Lemma zeta_mulX3n_I0 n m e : (n <= m + e)%N -> I0 n (zeta C m * alpha3 C ^+ e).
Proof.
have zeta_geom m' : zeta C m' = form m' (fun b => 1 ^+ b).
  by rewrite zeta_form; apply: eq_form => b _; rewrite expr1n.
apply: (in_ideal_ladder (s := 1)); first exact: oner_neq0.
- by move=> m'; rewrite !zeta_geom form_geom_rec.
- exact: (in_ideal_gen (I0gens C n) (@Ordinal 4 0 isT)).
- exact: (in_ideal_gen (I0gens C n) (@Ordinal 4 1 isT)).
Qed.

Lemma zetabar_mulX3n_I0 n m e : (n < m + e)%N -> I0 n (zetabar C m * alpha3 C ^+ e).
Proof.
apply: (in_ideal_ladder (s := -1)); first by rewrite oppr_eq0 oner_neq0.
- by move=> m'; rewrite !zetabar_form form_geom_rec.
- exact: (in_ideal_gen (I0gens C n) (@Ordinal 4 2 isT)).
- exact: (in_ideal_gen (I0gens C n) (@Ordinal 4 3 isT)).
Qed.

Lemma form_ffact_I0 n D p :
  (2 * p <= D)%N -> (n + p <= D)%N -> I0 n (form D (fun b => (b ^_ p)%:R)).
Proof.
move=> le_2p_D le_np_D.
have -> : form D (fun b => (b ^_ p)%:R) =
          (2 ^ p)%:R^-1 *: (zeta C (D - 2 * p) * alpha3 C ^+ p).
  rewrite zeta_form form_mulX3n subnK // -formZ; apply: eq_form => b _.
  by rewrite mulr1 natrM mulrA mulVf ?mul1r // natf_eq0 expn_eq0.
by apply/in_idealZ/zeta_mulX3n_I0; lia.
Qed.

Lemma form_sign_ffact_I0 n D p :
  (2 * p <= D)%N -> (n + p < D)%N -> I0 n (form D (fun b => (-1) ^+ b * (b ^_ p)%:R)).
Proof.
move=> le_2p_D lt_np_D.
have -> : form D (fun b => (-1) ^+ b * (b ^_ p)%:R) =
          ((-1) ^+ p / (2 ^ p)%:R) *: (zetabar C (D - 2 * p) * alpha3 C ^+ p).
  rewrite zetabar_form form_mulX3n subnK // -formZ; apply: eq_form => b _.
  have [le_pb | lt_bp] := leqP p b; last by rewrite ffact_small // muln0 !(mulr0, mul0r).
  have two_p_neq0 : (2 ^ p)%:R != 0 :> C by rewrite natf_eq0 expn_eq0.
  by rewrite -{1}(subnK le_pb) exprD natrM; field.
by apply/in_idealZ/zetabar_mulX3n_I0; lia.
Qed.

Definition poly_of_roots (r : nat -> nat) (k : nat) : {poly C} :=
  \prod_(i < k) ('X - (r i)%:R%:P).
(* Let $k,d\in\mathbb{N}$ with $0<k<d$, let $\mathcal{H}\in\bar{\mathbb{Q}}\cap[1,\infty)$, let $K$ be the normal closure of $\mathbb{Q}(\mathcal{H}^d)$, and let $\alpha\in A(k,d,\mathcal{H})$. Then $[K(\alpha):K]$ divides $\gcd(k,d)$. Furthermore, if $\alpha_1,\dots,\alpha_d$ are the conjugates of $\alpha$, numbered so that $|\alpha_i|\ge1$ if and only if $1\le i\le d-k$, then every $\sigma\in\mathrm{Gal}(\bar{\mathbb{Q}}/\mathbb{Q})$ with $\sigma(\mathcal{H}^d)=\mathcal{H}^d$ satisfies $\sigma(\{\alpha_1,\dots,\alpha_{d-k}\})=\{\alpha_1,\dots,\alpha_{d-k}\}$.
   Context: $\bar{\mathbb{Q}}$ is the algebraic closure of $\mathbb{Q}$ in $\mathbb{C}$. For algebraic $\alpha$ of degree $d$, with $a_0>0$ the leading coefficient of a minimal polynomial of $\alpha$ in $\mathbb{Z}[t]$ and conjugates $\alpha_1,\dots,\alpha_d$, $H(\alpha)=\big(a_0\prod_i\max\{1,|\alpha_i|\}\big)^{1/d}$ (absolute multiplicative Weil height). $A(k,d,\mathcal{H})=\{\alpha\in\mathbb{C}: [\mathbb{Q}(\alpha):\mathbb{Q}]=d,\ H(\alpha)=\mathcal{H},$ precisely $k$ conjugates of $\alpha$ in the open unit disk$\}$. *)

(* algebraic numbers are modelled by mathcomp's algC
   (the algebraic closure of Q with complex conjugation, norm and the
   partial order of C), i.e. \bar{Q} inside C. *)
From HB Require Import structures.
From mathcomp Require Import all_boot all_order all_algebra all_field.
Set Implicit Arguments. Unset Strict Implicit. Unset Printing Implicit Defensive.
Import Order.TTheory GRing.Theory Num.Theory.
Local Open Scope ring_scope.

Definition alg_deg (a : algC) : nat := (size (minCpoly a)).-1.

(* the conjugates a_1,...,a_d of a : the roots of its minimal polynomial *)
Definition conjugates (a : algC) : seq algC :=
  sval (closed_field_poly_normal (minCpoly a)).

(* p is "the" minimal polynomial of a in Z[t] with positive leading
   coefficient: primitive (content 1, which also forces lead_coef p > 0,
   since zcontents carries the sign of the leading coefficient) and
   proportional to the monic minimal polynomial of a over Q. *)
Definition is_Zminpoly (a : algC) (p : {poly int}) : Prop :=
  zcontents p = 1 /\ map_poly intr p = (lead_coef p)%:~R *: minCpoly a.

Definition weil_height (a h : algC) : Prop :=
  exists p : {poly int}, is_Zminpoly a p /\
    h = (alg_deg a).-root
          ((lead_coef p)%:~R * \prod_(z <- conjugates a) Num.max 1 `|z|).

Definition in_A (k d : nat) (H a : algC) : Prop :=
  alg_deg a = d /\ weil_height a H /\
  count (fun z : algC => `|z| < 1) (conjugates a) = k.

Definition is_subfield (S : algC -> Prop) : Prop :=
  S 0 /\ S 1 /\ (forall x y, S x -> S y -> S (x - y)) /\
  (forall x y, S x -> S y -> S (x * y)) /\ (forall x, S x -> S x^-1).

Definition normal_closure (b : algC) : algC -> Prop :=
  fun x => forall S : algC -> Prop, is_subfield S ->
    (forall z, root (minCpoly b) z -> S z) -> S x.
========
- **WHAT TO PRODUCE**: Copy out only the lines of the records above from the one with "('X - (r i)%:R%:P)." through the one with "with $0<k<d$, let", exactly as they stand, both included.

- **EXERCISE ANSWER**:
  \prod_(i < k) ('X - (r i)%:R%:P).
(* Let $k,d\in\mathbb{N}$ with $0<k<d$, let $\mathcal{H}\in\bar{\mathbb{Q}}\cap[1,\infty)$, let $K$ be the normal closure of $\mathbb{Q}(\mathcal{H}^d)$, and let $\alpha\in A(k,d,\mathcal{H})$. Then $[K(\alpha):K]$ divides $\gcd(k,d)$. Furthermore, if $\alpha_1,\dots,\alpha_d$ are the conjugates of $\alpha$, numbered so that $|\alpha_i|\ge1$ if and only if $1\le i\le d-k$, then every $\sigma\in\mathrm{Gal}(\bar{\mathbb{Q}}/\mathbb{Q})$ with $\sigma(\mathcal{H}^d)=\mathcal{H}^d$ satisfies $\sigma(\{\alpha_1,\dots,\alpha_{d-k}\})=\{\alpha_1,\dots,\alpha_{d-k}\}$.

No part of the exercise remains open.